A copy of a US stop work order seen by the Guardian told a European grantee that “the recipient must stop all work on the program and not incur any new costs after the effective date [of 24 January]. The recipient must cancel as many outstanding obligations as possible.”
Current and former USAid officials warned that the stop-work orders that have gone out around the world could put millions at mortal risk, especially if coupled with a natural disaster such as an earthquake or flood.
“If there’s a tropical cyclone that hits Cox’s Bazar tomorrow then how are you going to save all those people and then how are you going to rebuild if there’s a stop work order,” said a former senior USAid official, referring to the city in Bangladesh where more than 1 million Rohingya refugees are living. “You could have people sitting there for 90 days and sitting and waiting for what? That’s what worries more.”

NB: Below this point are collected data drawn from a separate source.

Lemma L_trig_abs2_le1 a b : L_trig a b ->
  (forall t, abs2 (a (eT t)) <= 1) /\ (forall t, abs2 (b (eT t)) <= 1).
Proof.
case=> _ _ ab1 _; split => t; have := ab1 t;
  have := abs2_ge0 (a (eT t)); have := abs2_ge0 (b (eT t)); lra.
Qed.

Lemma rho_circle (a b a' b' : C -> C) : rho (a, b) (a', b') =
  norm2 (fun t => a (eT t) - a' (eT t)) + norm2 (fun t => b (eT t) - b' (eT t))
  + `|ln (reC (at_infty a)) - ln (reC (at_infty a'))|.
Proof. by rewrite /rho /L2T unit_intervalE. Qed.

Lemma ln_mulB_le (x y x' y' : R) : 0 < x -> 0 < y -> 0 < x' -> 0 < y' ->
  `|ln (x * y) - ln (x' * y')| <= `|ln x - ln x'| + `|ln y - ln y'|.
Proof.
move=> x0 y0 x'0 y'0; rewrite !lnM ?posrE // opprD addrACA.
exact: ler_normD.
Qed.

Section ProductDistance.
Variables a b c d a' b' c' d' : C -> C.
Hypotheses (ab : L_trig a b) (cd : L_trig c d) (ab' : L_trig a' b') (cd' : L_trig c' d').

Let dist := norm2 (fun t => a (eT t) - a' (eT t)) + norm2 (fun t => b (eT t) - b' (eT t))
  + norm2 (fun t => c (eT t) - c' (eT t)) + norm2 (fun t => d (eT t) - d' (eT t)).

Lemma norm2_pairmul1B_le :
  norm2 (fun t => a (eT t) * c (eT t) - b (eT t) * fstar d (eT t)
                  - (a' (eT t) * c' (eT t) - b' (eT t) * fstar d' (eT t))) <= dist.
Proof.
case: ab cd ab' cd' => [ta tb _ _] [tc td _ _] [ta' tb' _ _] [tc' td' _ _].
have [c1 d1] := L_trig_abs2_le1 cd; have [a'1 b'1] := L_trig_abs2_le1 ab'.
rewrite (eq_norm2 (v := fun t => (a (eT t) * c (eT t) - a' (eT t) * c' (eT t))
  - (b (eT t) * conjc (d (eT t)) - b' (eT t) * conjc (d' (eT t))))); last first.
  by move=> t; rewrite !fstar_eT; ring.
apply: le_trans (norm2B_le (trigpolyB (trigpolyM ta tc) (trigpolyM ta' tc'))
  (trigpolyB (trigpolyM tb (trigpolyJ td)) (trigpolyM tb' (trigpolyJ td')))) _.
have := norm2_mulB_le ta tc ta' tc' c1 a'1.
have dJ1 t : abs2 (conjc (d (eT t))) <= 1 by rewrite abs2J.
have := norm2_mulB_le tb (trigpolyJ td) tb' (trigpolyJ td') dJ1 b'1.
rewrite norm2JB /dist; lra.
Qed.

Lemma norm2_pairmul2B_le :
  norm2 (fun t => a (eT t) * d (eT t) + b (eT t) * fstar c (eT t)
                  - (a' (eT t) * d' (eT t) + b' (eT t) * fstar c' (eT t))) <= dist.
Proof.
case: ab cd ab' cd' => [ta tb _ _] [tc td _ _] [ta' tb' _ _] [tc' td' _ _].
have [c1 d1] := L_trig_abs2_le1 cd; have [a'1 b'1] := L_trig_abs2_le1 ab'.
rewrite (eq_norm2 (v := fun t => (a (eT t) * d (eT t) - a' (eT t) * d' (eT t))
  + (b (eT t) * conjc (c (eT t)) - b' (eT t) * conjc (c' (eT t))))); last first.
  by move=> t; rewrite !fstar_eT; ring.
apply: le_trans (norm2D_le (trigpolyB (trigpolyM ta td) (trigpolyM ta' td'))
  (trigpolyB (trigpolyM tb (trigpolyJ tc)) (trigpolyM tb' (trigpolyJ tc')))) _.
have := norm2_mulB_le ta td ta' td' d1 a'1.
have cJ1 t : abs2 (conjc (c (eT t))) <= 1 by rewrite abs2J.
have := norm2_mulB_le tb (trigpolyJ tc) tb' (trigpolyJ tc') cJ1 b'1.
rewrite norm2JB /dist; lra.
Qed.

Lemma rho_pairmul_le :
  reC (at_infty (fun z => a z * c z - b z * fstar d z)) = reC (at_infty a) * reC (at_infty c) ->
  reC (at_infty (fun z => a' z * c' z - b' z * fstar d' z))
    = reC (at_infty a') * reC (at_infty c') ->
  rho (pairmul (a, b) (c, d)) (pairmul (a', b') (c', d'))
  <= 2 * rho (a, b) (a', b') + 2 * rho (c, d) (c', d').
Proof.
move=> mul_ac mul_ac'; rewrite !rho_circle mul_ac mul_ac'.
case: ab cd ab' cd' => [_ _ _ a0] [_ _ _ c0] [_ _ _ a'0] [_ _ _ c'0].
have := ln_mulB_le a0 c0 a'0 c'0.
have := normr_ge0 (ln (reC (at_infty a)) - ln (reC (at_infty a'))).
have := normr_ge0 (ln (reC (at_infty c)) - ln (reC (at_infty c'))).
have := norm2_pairmul1B_le; have := norm2_pairmul2B_le.
rewrite /dist; lra.
Qed.
End ProductDistance.

(** * Nonlinear Fourier series of finitely supported sequences *)

Definition nlft_scale (f : C) : R := (Num.sqrt (1 + abs2 f))^-1.

Lemma nlft_scale_gt0 f : 0 < nlft_scale f.
Proof. by rewrite invr_gt0 sqrtr_gt0 ltr_pwDl ?abs2_ge0. Qed.

Lemma nlft_scale_sqr f : nlft_scale f ^+ 2 * (1 + abs2 f) = 1.
Proof.
have f0 : 0 < 1 + abs2 f by rewrite ltr_pwDl ?abs2_ge0.
by rewrite exprVn sqr_sqrtr ?ltW // mulVf ?gt_eqF.
Qed.

Lemma nlft_scale0 : nlft_scale 0 = 1.
Proof. by rewrite /nlft_scale /abs2 /= expr0n /= addr0 addr0 sqrtr1 invr1. Qed.

Lemma abs2_scale (r : R) (x : C) : abs2 (r%:C * x) = r ^+ 2 * abs2 x.
Proof. by case: x => a b; rewrite /abs2 /=; ring. Qed.

Lemma abs2_addC (x y : C) : (abs2 x + abs2 y)%:C = x * conjc x + y * conjc y.
Proof. by case: x y => a b [c d]; rewrite /abs2 /=; congr Complex; ring. Qed.

(* The cross terms cancel, and [|w| = 1]. *)
Lemma abs2_rotate (x y f w : C) : w * conjc w = 1 ->
  abs2 (x - y * conjc f * conjc w) + abs2 (x * f * w + y)
  = (1 + abs2 f) * (abs2 x + abs2 y).
Proof.
move=> w1; apply: complexI; rewrite abs2_addC.
rewrite (_ : ((1 + abs2 f) * _)%:C = (1 + f * conjc f) * (x * conjc x + y * conjc y)); last first.
  by case: f x y => a b [c d] [g h]; rewrite /abs2 /=; congr Complex; ring.
rewrite !rmorphB !rmorphD !rmorphM /= !conjcK.
have -> : (x - y * conjc f * conjc w) * (conjc x - conjc y * f * w)
    + (x * f * w + y) * (conjc x * conjc f * conjc w + conjc y)
  = (1 + f * conjc f) * (x * conjc x + y * conjc y)
    + f * conjc f * (x * conjc x + y * conjc y) * (w * conjc w - 1) by ring.
by rewrite w1 subrr mulr0 addr0.
Qed.

Lemma mulmx2E (A B : 'M[C]_2) i j : (A * B) i j = A i 0 * B 0 j + A i 1 * B 1 j.
Proof.
rewrite -mulmxE mxE big_ord_recl big_ord_recl big_ord0 addr0.
by have -> : lift ord0 (ord0 : 'I_1) = 1 :> 'I_2 by apply/val_inj.
Qed.

Definition nlft_partial (N : nat) (F : int -> C) (n : nat) (z : C) : 'M[C]_2 :=
  \prod_(i < n) nlft_factor (F (i%:Z - N%:Z)) (i%:Z - N%:Z) z.

Lemma nlft_partial_row (N : nat) (F : int -> C) (n : nat) (z : C)
    (k := n%:Z - N%:Z) (P := nlft_partial N F n z) :
  nlft_partial N F n.+1 z 0 0 = (nlft_scale (F k))%:C * (P 0 0 - P 0 1 * conjc (F k) * z ^ (- k))
  /\ nlft_partial N F n.+1 z 0 1 = (nlft_scale (F k))%:C * (P 0 0 * F k * z ^ k + P 0 1).
Proof. by rewrite /nlft_partial big_ord_recr /= !mulmx2E !mxE /=; split; ring. Qed.

Lemma nlft_partial_unitary (N : nat) (F : int -> C) (n : nat) (t : R) :
  abs2 (nlft_partial N F n (eT t) 0 0) + abs2 (nlft_partial N F n (eT t) 0 1) = 1.
Proof.
elim: n => [|n IH].
  by rewrite /nlft_partial big_ord0 !mxE /abs2 /= expr0n expr1n /=; rewrite !addr0.
have [-> ->] := nlft_partial_row N F n (eT t).
rewrite !abs2_scale -mulrDr -conj_eTX abs2_rotate ?IH ?mulr1 ?nlft_scale_sqr //.
by rewrite conj_eTX -eTXD subrr expr0z.
Qed.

The state department on Tuesday said that it would be investigating “egregious funding” that included $102,236,000 to fund the International Medical Corps in Gaza, $16,840,876 to fund institutional contractors in the gender development office and $612,000 to fund technical assistance for family planning in Latin America.
The sweeping moves in the first days of the Trump administration are causing increasing friction with US allies. In the UN security council on Tuesday, the French envoy condemned the Israeli government’s implementation on a ban on operations of the UN relief agency for Palestinian refugees, Unrwa – something the Trump administration has emphatically supported.
“There is no credible alternative to Unrwa. Unrwa plays an essential humanitarian role, but it also provides public services. And it does so at a third of the cost of other UN agencies,” the envoy, Nicolas de Rivière, said.
“The Gaza Strip must be part of a future Palestinian state,” de Rivière said, a day after Trump had mused about transferring Gaza’s Palestinian population to Egypt or Jordan. He added that Saudi Arabia and France would host an international conference in New York in June to pursue a two-state solution to the Israeli-Palestinian conflict.